### Stored data entries
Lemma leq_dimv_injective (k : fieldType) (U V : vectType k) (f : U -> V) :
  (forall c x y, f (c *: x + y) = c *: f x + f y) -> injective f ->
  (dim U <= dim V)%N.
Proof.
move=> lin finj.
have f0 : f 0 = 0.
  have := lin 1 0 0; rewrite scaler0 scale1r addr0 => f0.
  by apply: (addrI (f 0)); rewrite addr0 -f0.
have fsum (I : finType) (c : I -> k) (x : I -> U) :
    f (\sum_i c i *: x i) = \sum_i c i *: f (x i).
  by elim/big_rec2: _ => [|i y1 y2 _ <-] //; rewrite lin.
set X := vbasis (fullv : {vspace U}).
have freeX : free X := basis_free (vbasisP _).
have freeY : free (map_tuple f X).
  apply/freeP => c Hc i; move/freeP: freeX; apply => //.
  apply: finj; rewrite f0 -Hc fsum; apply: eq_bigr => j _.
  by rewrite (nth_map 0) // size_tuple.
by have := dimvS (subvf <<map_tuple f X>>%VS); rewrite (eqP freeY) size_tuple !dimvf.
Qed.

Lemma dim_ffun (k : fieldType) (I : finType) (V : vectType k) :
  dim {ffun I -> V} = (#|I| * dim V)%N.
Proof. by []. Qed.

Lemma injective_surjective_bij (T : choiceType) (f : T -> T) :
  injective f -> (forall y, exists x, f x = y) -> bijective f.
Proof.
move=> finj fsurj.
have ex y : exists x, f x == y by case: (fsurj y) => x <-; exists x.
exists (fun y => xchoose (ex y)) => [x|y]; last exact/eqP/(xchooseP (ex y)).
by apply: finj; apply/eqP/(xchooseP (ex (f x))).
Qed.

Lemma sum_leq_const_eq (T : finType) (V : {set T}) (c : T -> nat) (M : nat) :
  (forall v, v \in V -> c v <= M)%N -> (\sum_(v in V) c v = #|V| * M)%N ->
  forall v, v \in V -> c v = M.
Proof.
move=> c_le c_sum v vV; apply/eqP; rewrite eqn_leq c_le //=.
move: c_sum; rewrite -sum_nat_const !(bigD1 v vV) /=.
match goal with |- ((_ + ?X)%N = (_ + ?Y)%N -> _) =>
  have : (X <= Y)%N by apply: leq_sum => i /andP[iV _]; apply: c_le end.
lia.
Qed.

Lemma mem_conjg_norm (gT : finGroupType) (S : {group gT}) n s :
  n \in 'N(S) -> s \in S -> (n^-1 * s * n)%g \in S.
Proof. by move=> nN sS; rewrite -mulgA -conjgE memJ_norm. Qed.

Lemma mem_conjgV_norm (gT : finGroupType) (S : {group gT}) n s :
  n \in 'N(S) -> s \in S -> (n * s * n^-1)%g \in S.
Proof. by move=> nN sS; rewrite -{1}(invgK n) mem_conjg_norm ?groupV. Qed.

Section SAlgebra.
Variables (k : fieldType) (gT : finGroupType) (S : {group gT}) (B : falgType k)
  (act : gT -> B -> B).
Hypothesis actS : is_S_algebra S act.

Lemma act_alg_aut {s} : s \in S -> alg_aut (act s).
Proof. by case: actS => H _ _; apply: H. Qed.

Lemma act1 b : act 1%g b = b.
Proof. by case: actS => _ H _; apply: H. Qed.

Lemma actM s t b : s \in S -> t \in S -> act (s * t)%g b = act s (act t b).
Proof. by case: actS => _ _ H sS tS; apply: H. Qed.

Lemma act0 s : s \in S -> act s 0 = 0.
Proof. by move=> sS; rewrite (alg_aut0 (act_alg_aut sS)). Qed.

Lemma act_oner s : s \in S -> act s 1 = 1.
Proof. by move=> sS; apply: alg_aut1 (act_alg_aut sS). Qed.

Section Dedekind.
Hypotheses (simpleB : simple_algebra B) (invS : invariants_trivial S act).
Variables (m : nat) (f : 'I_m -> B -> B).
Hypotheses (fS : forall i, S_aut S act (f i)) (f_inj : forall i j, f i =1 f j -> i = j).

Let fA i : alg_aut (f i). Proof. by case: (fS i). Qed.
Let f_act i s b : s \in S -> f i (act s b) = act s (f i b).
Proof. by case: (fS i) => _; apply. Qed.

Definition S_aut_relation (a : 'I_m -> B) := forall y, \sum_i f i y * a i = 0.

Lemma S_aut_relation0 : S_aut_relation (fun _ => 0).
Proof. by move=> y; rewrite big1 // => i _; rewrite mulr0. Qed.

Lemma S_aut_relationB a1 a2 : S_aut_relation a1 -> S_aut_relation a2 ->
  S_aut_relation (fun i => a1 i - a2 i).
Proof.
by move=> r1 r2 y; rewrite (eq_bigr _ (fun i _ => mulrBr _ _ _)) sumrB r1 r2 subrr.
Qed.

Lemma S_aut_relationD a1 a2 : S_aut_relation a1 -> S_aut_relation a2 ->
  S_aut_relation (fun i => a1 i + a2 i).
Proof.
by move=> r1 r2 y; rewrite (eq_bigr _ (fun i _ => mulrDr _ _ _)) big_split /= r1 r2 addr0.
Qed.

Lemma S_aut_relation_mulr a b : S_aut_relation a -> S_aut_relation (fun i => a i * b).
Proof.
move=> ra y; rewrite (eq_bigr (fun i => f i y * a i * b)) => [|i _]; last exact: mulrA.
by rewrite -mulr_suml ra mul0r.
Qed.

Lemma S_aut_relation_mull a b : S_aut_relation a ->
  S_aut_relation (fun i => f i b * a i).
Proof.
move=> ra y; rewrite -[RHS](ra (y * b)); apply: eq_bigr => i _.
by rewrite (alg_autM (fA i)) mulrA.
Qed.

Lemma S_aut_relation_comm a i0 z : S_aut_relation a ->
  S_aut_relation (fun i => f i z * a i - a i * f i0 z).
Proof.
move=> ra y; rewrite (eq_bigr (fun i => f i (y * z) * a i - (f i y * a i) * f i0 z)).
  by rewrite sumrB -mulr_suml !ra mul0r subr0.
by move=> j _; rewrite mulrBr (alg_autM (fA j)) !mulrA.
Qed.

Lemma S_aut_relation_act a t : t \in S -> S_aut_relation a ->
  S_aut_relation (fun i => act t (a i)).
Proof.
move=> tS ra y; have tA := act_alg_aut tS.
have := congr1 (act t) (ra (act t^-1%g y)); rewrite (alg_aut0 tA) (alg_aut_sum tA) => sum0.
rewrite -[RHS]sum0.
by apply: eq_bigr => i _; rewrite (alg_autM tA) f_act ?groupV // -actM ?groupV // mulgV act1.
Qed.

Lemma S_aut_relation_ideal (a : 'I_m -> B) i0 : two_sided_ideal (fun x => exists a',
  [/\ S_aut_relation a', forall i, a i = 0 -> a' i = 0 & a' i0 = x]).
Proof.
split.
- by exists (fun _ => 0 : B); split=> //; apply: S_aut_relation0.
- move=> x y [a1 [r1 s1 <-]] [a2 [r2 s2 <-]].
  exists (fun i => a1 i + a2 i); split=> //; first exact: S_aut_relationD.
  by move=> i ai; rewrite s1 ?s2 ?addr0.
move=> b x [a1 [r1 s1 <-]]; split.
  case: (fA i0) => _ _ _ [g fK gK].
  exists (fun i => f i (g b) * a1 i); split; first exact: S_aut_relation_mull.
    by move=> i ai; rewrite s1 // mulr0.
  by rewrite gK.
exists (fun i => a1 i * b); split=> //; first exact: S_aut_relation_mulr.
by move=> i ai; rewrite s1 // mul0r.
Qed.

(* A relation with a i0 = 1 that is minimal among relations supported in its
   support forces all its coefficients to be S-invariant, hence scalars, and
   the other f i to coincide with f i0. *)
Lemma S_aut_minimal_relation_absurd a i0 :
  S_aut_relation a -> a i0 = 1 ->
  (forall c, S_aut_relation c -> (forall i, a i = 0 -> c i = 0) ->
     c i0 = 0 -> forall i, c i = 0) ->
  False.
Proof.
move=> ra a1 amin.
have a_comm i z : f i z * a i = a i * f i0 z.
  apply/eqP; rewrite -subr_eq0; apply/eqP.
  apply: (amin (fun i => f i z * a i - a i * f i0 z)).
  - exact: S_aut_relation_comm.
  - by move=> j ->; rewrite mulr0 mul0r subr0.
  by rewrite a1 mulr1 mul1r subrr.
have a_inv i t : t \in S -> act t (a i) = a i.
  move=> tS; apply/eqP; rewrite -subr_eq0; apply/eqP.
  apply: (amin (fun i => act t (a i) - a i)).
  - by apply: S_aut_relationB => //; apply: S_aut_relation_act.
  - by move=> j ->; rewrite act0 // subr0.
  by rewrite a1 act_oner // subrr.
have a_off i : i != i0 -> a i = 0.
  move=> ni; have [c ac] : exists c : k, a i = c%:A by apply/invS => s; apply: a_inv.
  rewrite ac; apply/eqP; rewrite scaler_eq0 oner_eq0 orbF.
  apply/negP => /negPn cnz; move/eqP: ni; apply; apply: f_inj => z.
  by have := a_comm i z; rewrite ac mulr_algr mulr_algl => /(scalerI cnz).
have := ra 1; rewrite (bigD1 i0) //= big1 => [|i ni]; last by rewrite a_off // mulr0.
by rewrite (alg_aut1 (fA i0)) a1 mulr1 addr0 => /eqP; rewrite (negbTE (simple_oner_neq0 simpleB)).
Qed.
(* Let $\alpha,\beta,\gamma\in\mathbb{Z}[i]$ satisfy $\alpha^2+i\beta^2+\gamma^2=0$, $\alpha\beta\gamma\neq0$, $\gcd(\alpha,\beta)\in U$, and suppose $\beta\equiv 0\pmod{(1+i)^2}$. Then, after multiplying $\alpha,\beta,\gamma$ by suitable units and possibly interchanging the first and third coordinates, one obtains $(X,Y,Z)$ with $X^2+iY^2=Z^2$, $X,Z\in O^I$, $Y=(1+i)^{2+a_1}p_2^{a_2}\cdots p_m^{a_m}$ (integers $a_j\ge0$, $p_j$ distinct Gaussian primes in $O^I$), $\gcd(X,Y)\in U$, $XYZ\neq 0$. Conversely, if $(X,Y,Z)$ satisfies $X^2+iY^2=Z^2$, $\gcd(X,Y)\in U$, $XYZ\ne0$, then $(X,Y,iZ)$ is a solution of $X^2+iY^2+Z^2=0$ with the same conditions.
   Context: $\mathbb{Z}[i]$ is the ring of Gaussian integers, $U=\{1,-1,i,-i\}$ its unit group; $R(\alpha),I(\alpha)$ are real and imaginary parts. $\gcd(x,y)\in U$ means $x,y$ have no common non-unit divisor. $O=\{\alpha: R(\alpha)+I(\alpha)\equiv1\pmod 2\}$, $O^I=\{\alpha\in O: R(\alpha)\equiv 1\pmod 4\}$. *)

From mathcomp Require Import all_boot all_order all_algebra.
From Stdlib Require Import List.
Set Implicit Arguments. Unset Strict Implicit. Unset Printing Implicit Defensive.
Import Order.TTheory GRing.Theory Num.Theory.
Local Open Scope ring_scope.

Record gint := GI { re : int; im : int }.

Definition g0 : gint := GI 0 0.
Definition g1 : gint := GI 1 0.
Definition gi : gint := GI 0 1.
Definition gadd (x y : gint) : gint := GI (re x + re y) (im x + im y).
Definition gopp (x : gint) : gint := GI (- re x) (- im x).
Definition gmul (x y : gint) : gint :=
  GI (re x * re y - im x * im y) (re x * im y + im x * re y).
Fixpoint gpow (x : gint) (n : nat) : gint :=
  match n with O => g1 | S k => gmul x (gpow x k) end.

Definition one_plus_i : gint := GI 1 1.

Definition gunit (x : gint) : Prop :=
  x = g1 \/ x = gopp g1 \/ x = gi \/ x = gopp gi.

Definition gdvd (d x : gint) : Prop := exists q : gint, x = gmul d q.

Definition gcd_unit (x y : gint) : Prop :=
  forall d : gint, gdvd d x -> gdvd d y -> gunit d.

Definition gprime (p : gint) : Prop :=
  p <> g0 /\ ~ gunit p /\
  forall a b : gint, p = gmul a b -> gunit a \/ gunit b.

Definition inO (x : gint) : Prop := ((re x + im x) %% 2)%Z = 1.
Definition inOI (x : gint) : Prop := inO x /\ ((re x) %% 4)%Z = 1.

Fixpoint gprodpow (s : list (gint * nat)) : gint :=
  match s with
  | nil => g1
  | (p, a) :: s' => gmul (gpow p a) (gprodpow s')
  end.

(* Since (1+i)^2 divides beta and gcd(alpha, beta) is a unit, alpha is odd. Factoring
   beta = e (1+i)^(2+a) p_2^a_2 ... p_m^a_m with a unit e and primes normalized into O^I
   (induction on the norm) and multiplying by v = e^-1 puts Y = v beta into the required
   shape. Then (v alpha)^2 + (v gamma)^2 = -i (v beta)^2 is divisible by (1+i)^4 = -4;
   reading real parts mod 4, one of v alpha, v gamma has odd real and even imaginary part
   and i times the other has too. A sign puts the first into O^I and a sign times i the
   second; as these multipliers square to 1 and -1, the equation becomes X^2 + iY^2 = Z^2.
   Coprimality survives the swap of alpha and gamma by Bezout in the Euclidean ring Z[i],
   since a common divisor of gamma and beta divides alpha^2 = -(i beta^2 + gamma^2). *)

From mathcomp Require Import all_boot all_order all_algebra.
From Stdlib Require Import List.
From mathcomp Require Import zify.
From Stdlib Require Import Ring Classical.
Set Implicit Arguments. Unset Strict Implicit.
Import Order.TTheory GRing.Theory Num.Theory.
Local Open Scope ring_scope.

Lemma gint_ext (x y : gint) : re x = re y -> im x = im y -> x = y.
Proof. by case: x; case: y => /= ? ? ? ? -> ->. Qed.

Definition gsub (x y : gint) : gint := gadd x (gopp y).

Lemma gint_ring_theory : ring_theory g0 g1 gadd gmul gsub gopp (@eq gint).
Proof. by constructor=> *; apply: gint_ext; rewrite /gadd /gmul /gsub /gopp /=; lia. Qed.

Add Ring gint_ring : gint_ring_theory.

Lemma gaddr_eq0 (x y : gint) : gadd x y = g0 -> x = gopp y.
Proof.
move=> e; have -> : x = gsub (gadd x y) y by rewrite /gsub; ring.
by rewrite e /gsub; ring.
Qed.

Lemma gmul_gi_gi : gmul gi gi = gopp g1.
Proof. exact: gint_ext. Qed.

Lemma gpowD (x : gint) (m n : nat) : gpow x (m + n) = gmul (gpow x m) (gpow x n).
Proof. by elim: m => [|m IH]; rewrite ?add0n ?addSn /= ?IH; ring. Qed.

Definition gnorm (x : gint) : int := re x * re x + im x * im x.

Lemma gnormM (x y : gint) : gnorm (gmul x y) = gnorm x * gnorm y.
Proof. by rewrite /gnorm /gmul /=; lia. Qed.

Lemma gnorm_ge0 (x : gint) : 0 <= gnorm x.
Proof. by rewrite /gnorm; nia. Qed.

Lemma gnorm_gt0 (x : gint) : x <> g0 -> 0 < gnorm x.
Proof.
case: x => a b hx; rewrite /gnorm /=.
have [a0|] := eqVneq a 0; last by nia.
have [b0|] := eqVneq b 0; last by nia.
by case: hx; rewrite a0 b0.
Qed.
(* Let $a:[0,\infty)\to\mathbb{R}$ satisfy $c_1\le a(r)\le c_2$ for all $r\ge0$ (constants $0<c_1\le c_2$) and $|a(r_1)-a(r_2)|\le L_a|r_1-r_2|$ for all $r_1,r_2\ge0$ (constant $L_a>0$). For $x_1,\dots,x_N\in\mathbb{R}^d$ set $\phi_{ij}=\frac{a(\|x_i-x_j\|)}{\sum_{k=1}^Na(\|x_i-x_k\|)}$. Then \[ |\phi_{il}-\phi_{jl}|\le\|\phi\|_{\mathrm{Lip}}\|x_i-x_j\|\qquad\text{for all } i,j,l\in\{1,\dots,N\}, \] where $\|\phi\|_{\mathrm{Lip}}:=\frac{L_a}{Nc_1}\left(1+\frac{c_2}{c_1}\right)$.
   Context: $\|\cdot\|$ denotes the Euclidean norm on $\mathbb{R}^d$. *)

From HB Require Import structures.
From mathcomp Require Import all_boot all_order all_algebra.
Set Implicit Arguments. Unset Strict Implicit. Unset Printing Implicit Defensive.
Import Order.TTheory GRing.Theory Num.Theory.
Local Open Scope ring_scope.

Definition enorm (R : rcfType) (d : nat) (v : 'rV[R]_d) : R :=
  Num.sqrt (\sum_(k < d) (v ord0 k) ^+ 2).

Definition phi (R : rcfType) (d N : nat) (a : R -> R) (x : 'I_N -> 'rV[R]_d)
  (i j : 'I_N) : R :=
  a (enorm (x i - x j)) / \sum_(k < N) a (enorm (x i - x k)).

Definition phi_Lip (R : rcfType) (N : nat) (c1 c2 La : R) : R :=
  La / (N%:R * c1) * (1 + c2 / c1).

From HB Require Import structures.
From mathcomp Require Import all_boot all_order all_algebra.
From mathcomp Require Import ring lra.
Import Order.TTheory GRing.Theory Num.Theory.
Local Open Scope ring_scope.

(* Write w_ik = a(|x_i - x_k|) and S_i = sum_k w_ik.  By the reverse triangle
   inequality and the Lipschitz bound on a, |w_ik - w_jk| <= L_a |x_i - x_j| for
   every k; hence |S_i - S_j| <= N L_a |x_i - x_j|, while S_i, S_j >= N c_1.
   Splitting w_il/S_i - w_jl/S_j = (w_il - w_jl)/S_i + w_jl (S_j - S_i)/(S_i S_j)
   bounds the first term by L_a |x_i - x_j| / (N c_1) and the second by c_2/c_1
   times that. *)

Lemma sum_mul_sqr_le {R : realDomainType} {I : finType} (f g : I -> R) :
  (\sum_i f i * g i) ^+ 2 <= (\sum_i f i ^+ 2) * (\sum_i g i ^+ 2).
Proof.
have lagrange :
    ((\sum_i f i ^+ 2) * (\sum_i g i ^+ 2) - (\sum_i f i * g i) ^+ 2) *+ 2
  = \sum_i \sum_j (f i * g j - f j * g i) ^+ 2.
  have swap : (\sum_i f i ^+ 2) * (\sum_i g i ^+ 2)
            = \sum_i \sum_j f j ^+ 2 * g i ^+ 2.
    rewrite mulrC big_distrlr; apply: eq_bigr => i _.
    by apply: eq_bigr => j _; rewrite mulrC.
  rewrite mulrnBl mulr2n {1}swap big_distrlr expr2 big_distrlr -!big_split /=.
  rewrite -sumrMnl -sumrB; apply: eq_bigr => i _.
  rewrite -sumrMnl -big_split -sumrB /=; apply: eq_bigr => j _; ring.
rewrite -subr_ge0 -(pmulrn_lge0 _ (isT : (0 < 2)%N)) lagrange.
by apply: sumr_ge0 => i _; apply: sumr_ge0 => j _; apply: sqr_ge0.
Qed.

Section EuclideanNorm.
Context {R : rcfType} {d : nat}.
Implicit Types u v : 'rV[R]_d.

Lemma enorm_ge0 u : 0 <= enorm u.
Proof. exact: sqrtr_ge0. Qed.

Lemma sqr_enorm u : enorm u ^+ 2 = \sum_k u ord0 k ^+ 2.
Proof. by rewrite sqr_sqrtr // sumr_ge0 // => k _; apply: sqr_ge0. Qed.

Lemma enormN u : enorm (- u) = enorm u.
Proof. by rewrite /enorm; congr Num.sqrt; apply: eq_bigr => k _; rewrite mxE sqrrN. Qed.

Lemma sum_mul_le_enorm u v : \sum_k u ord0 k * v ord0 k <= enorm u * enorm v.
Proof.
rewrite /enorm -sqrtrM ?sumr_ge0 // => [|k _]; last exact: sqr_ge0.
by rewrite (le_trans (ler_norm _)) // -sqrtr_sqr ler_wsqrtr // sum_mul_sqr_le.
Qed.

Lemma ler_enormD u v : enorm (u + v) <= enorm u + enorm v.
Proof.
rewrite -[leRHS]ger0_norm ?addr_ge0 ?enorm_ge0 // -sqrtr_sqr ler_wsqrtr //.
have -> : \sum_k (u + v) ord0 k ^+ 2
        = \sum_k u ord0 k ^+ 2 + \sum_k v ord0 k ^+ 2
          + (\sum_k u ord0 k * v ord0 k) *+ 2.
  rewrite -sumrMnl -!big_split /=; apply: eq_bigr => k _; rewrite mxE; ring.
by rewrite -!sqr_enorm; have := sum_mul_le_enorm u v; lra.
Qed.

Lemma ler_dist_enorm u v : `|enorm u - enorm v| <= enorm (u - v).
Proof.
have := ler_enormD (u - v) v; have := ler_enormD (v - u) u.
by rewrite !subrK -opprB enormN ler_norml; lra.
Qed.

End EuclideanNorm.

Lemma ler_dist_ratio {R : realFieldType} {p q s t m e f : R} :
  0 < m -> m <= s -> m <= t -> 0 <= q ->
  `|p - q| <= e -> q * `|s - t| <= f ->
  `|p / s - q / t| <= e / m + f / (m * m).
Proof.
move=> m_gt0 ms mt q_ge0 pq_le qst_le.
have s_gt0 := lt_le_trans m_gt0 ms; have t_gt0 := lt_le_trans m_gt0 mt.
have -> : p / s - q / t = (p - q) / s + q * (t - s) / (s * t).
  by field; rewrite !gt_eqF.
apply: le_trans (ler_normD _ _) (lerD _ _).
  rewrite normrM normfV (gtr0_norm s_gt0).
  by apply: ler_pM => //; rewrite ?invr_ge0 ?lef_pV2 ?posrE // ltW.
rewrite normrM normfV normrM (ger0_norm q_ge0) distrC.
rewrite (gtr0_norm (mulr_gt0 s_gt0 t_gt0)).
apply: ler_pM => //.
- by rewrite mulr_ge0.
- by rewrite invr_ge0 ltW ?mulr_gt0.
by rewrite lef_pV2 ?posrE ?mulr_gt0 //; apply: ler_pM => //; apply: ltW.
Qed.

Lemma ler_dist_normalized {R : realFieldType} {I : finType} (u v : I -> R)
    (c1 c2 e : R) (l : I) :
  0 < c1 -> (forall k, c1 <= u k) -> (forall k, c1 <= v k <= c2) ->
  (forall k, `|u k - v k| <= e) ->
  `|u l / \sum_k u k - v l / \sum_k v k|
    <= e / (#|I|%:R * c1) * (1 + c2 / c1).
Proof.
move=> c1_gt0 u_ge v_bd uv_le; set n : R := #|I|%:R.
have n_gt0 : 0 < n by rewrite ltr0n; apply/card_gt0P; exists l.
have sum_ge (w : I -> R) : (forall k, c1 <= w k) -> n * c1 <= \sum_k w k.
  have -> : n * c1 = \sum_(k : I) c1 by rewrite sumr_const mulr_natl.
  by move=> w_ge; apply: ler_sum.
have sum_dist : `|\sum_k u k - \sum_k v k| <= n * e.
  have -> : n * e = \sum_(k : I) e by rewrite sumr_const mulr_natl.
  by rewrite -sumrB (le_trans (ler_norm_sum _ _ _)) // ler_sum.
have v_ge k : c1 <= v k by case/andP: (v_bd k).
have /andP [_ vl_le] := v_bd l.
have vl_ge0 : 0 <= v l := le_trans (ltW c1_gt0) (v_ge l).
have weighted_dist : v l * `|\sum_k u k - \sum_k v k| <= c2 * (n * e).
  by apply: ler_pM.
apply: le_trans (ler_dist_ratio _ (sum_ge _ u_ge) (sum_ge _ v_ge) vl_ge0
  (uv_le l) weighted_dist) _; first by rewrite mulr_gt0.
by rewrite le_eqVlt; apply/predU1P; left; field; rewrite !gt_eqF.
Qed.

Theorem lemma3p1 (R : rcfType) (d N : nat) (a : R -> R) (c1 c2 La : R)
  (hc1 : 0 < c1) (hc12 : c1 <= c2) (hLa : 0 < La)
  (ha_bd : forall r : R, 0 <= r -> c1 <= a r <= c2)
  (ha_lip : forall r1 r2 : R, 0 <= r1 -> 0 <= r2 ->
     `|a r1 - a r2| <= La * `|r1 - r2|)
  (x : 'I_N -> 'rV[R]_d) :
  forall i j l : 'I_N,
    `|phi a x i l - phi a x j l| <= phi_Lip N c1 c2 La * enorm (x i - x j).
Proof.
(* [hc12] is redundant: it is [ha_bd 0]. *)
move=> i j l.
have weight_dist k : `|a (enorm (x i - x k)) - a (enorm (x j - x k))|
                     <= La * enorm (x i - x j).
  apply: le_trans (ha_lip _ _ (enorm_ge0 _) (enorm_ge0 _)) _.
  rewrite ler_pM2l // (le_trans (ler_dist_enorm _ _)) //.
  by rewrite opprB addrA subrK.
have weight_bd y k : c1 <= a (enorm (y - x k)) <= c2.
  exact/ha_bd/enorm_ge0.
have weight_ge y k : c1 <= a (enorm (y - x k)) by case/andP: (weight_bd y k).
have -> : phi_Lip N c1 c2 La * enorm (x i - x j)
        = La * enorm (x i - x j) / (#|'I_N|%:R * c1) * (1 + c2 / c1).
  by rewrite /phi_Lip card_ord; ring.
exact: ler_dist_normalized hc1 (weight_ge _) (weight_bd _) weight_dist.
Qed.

### ASSIGNMENT
For the string "fsum", report how many lines of the records contain it, giving the number only.

### SOLUTION TO THIS PROBLEM
2